Она смотрела на взрослую женщину, чьё лицо, подобно лицам многих людей, казалось наспех высеченным из дерева — и молчала. Отчего-то сложно представить её, сильную, широкоплечую и походящую на дубовый ствол — какой? Молодой? Испуганной? Беременной?
— Я не хочу, чтобы моего ребёнка забирали, — с нажимом повторила Шантия. Ирша лишь фыркнула и сплюнула:
— Хоть бы не врала! Думаешь, будешь твердить, и поверится как-нибудь? Заберут-заберут, я тебе точно говорю. Ещё спасибо Кродору скажи: другие-то, как невест найдут, бастардам по горлу ножом — чирк! И закопают, хорошо, не собакам швырнут. И матери порой бывают… возьмут младенца, и шею ему, как курёнку — раз!
Где же, где же злоба, когда она должна быть? Шантия закрыла глаза, пытаясь отыскать тот прежний комок из игл и огня — и не могла. Руки затряслись. Вздёрнув подбородок, она воскликнула:
— Я не такая, как они! Это будет мой ребёнок, и только мой… я…

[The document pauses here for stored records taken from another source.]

Lemma bel_step_serial : serial_on D Q.
Proof.
  assert (HDm : D m) by (apply HD; auto).
  assert (HDp : forall y, y = -1 \/ Dp y -> evset D y).
  { intros y [-> | Hy]; unfold evset; [auto | rewrite HD; auto]. }
  intros j x Hx.
  assert (Hcases : x = 0 \/ x = m \/ x = -1 \/ Dp x).
  { unfold evset in Hx. rewrite HD in Hx. tauto. }
  destruct (classic (j = i)) as [-> | Hne].
  - destruct Hcases as [-> | [-> | Hx']].
    + exists m. split; [now right; right | apply HQi; auto].
    + exists m. split; [now right; right | apply HQi; auto].
    + destruct (serial_on_ul i x Hx') as [y [Hy Hxy]].
      exists y. split; [now apply HDp | apply HQi; auto].
  - destruct Hcases as [-> | [-> | Hx']].
    + exists (-1). split; [unfold evset; auto | apply HQj; auto].
    + destruct (Qp_serial j 0) as [y [Hy H0y]]; [now left |].
      exists y. split.
      * unfold evset in *. rewrite HD. tauto.
      * apply HQj; auto.
    + destruct (serial_on_ul j x Hx') as [y [Hy Hxy]].
      exists y. split; [now apply HDp | apply HQj; auto].
Qed.

End SerialStep.

Lemma IsU_pos {A : Type} (phi : form A) (D : Z -> Prop) (Q : A -> Z -> Z -> Prop)
    (p : Z -> form A) :
  IsU phi D Q p -> forall z, D z -> 1 <= z.
Proof.
  induction 1; intros z Hz.
  - apply H1 in Hz. lia.
  - eapply bel_step_pos; eauto.
  - eapply bel_step_pos; eauto.
  - apply H2 in Hz. destruct Hz; auto.
Qed.

Lemma IsU_not_into0 {A : Type} (phi : form A) (D : Z -> Prop) (Q : A -> Z -> Z -> Prop)
    (p : Z -> form A) :
  IsU phi D Q p -> forall j x, ~ Q j x 0.
Proof.
  induction 1; intros j x.
  - destruct (classic (j = i)) as [-> | Hne].
    + rewrite H6. lia.
    + rewrite (H5 _ _ _ Hne). lia.
  - eapply bel_step_not_into0; eauto.
  - eapply bel_step_not_into0; eauto.
  - rewrite H7. unfold ul.
    pose proof (IsU_pos _ _ _ _ H) as Hpos1. pose proof (IsU_pos _ _ _ _ H0) as Hpos2.
    intros [Hq | [Hq | [[_ [_ [Hd | Hd]]] | Hq]]];
      [tauto | tauto | apply Hpos1 in Hd; lia | apply Hpos2 in Hd; lia | lia].
Qed.

Lemma IsU_serial {A : Type} (phi : form A) (D : Z -> Prop) (Q : A -> Z -> Z -> Prop)
    (p : Z -> form A) :
  IsU phi D Q p -> serial_on D Q.
Proof.
  induction 1.
  - intros j x Hx. unfold evset in *. rewrite H1 in Hx.
    destruct (classic (j = i)) as [-> | Hne].
    + destruct (Z.eq_dec x (-1)) as [-> | Hx'].
      * exists (-1). rewrite H6. tauto.
      * exists m. rewrite H1, H6. intuition lia.
    + exists (-1). rewrite (H5 _ _ _ Hne). intuition lia.
  - exact (bel_step_serial _ _ _ (IsU_pos _ _ _ _ H) (IsU_not_into0 _ _ _ _ H) IHIsU
             i m D Q H2 H7 H8).
  - exact (bel_step_serial _ _ _ (IsU_pos _ _ _ _ H0) (IsU_not_into0 _ _ _ _ H0) IHIsU
             i m D Q H3 H8 H9).
  - assert (HDp : forall y, y = -1 \/ Dp y \/ Dt y -> evset D y).
    { intros y Hy. unfold evset. rewrite H2. tauto. }
    intros j x Hx. unfold evset in Hx. rewrite H2 in Hx.
    destruct Hx as [-> | Hx].
    + destruct (classic (exists k, (Qp j 0 k \/ Qt j 0 k) /\ (Dp k \/ Dt k)))
        as [[k [Hk1 Hk2]] | Hnone].
      * exists k. split; [apply HDp; tauto | apply H7; tauto].
      * exists (-1). split; [apply HDp; tauto | apply H7; tauto].
    + assert (Hx' : (x = -1 \/ Dp x) \/ (x = -1 \/ Dt x)) by tauto.
      destruct Hx' as [Hx' | Hx'].
      * destruct (serial_on_ul _ _ _ (IsU_pos _ _ _ _ H) (IsU_not_into0 _ _ _ _ H)
                    IHIsU1 j x Hx') as [y [Hy Hxy]].
        exists y. split; [apply HDp; tauto | apply H7; tauto].
      * destruct (serial_on_ul _ _ _ (IsU_pos _ _ _ _ H0) (IsU_not_into0 _ _ _ _ H0)
                    IHIsU2 j x Hx') as [y [Hy Hxy]].
        exists y. split; [apply HDp; tauto | apply H7; tauto].
Qed.

Theorem theorem5 (n : nat) (Hn : (1 < n)%nat)
  (phi theta : form (agent n))
  (D : Z -> Prop) (Q : agent n -> Z -> Z -> Prop) (p : Z -> form (agent n))
  (Hnorm : dbi_normal phi) (HU : IsU phi D Q p)
  (Hind : independent theta D Q p)
  (M : kripke (agent n)) (v : st M) :
  sat M v theta <->
  sat (update M (mkU D Q p) v (ev0 D Q p)) (upd_point M (mkU D Q p) v (ev0 D Q p)) theta.
Proof.
  exact (sat_update_top_shape _ _ (mkU_serial D Q p (IsU_serial phi D Q p HU)) M v
           (ev0 D Q p) theta (upd_point M (mkU D Q p) v (ev0 D Q p)) Hind).
Qed.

— Да кто ж тебе даст-то его, балда, — беззлобно пожала плечами женщина. — Как от титьки оторвут — всё, не твой уже. Это если сразу кормилицам не отдадут.
— Я. Не. Хочу! — выкрикнула Шантия, отшатываясь от собеседницы, как от морской змеи. С какой стати она говорит всё это ей, говорит, будто думает, что ей слова полны утешения?! Нет, от них не может быть спокойно, не может вновь возвращаться на уста почти исчезнувшая улыбка. Мать не может ненавидеть.
— Да ты сама подумай, дурёха. Ты этого ребёнка хотела, что ли? Или, может, короля нашего любишь больше жизни?
Даже когда Ирша просто говорила, не пытаясь задеть, её слова звучали ядовито; закружилась голова, и подступили к глазам слёзы. Зачем, зачем спрашивать то, на что очевидно не получишь ответа?!
— Мать должна любить…
Собственный голос отчего-то показался слабым и беспомощным, как писк воробья. Сверкнуло ярче пламя факела чуть поодаль: почудилось? Отчего так горят глаза Ирши, отчего так хочется убежать от неё как можно дальше, не слышать чудовищных слов, не позволять себе даже думать…
— Ну давай, давай, распускай сопли, — передёрнувшись, она ушла — до того, как подумалось, что сейчас так уместно было бы, если бы вдруг вспыхнули волосы её и глаза, явив миру женщину-огонь, давно лишившую Шантию спокойного сна. Но взамен уходящей Ирши в расплывающемся от злых слёз мире явилось новое лицо. Венисса стояла напротив, у стены, и перебирала в руках отчего-то влажный кусок полотна. Встретились два золотых взгляда — заплаканный и обманчиво тёплый. Певунья растянула в улыбке губы:
— Я слышала, у тебя будет ребёнок. Что ж, долгих лет и здоровья ему. Надеюсь, ты родишь Кродору достойного сына.
Больше жестокая соперница не сказала ничего, и оттого почему-то стало намного больнее.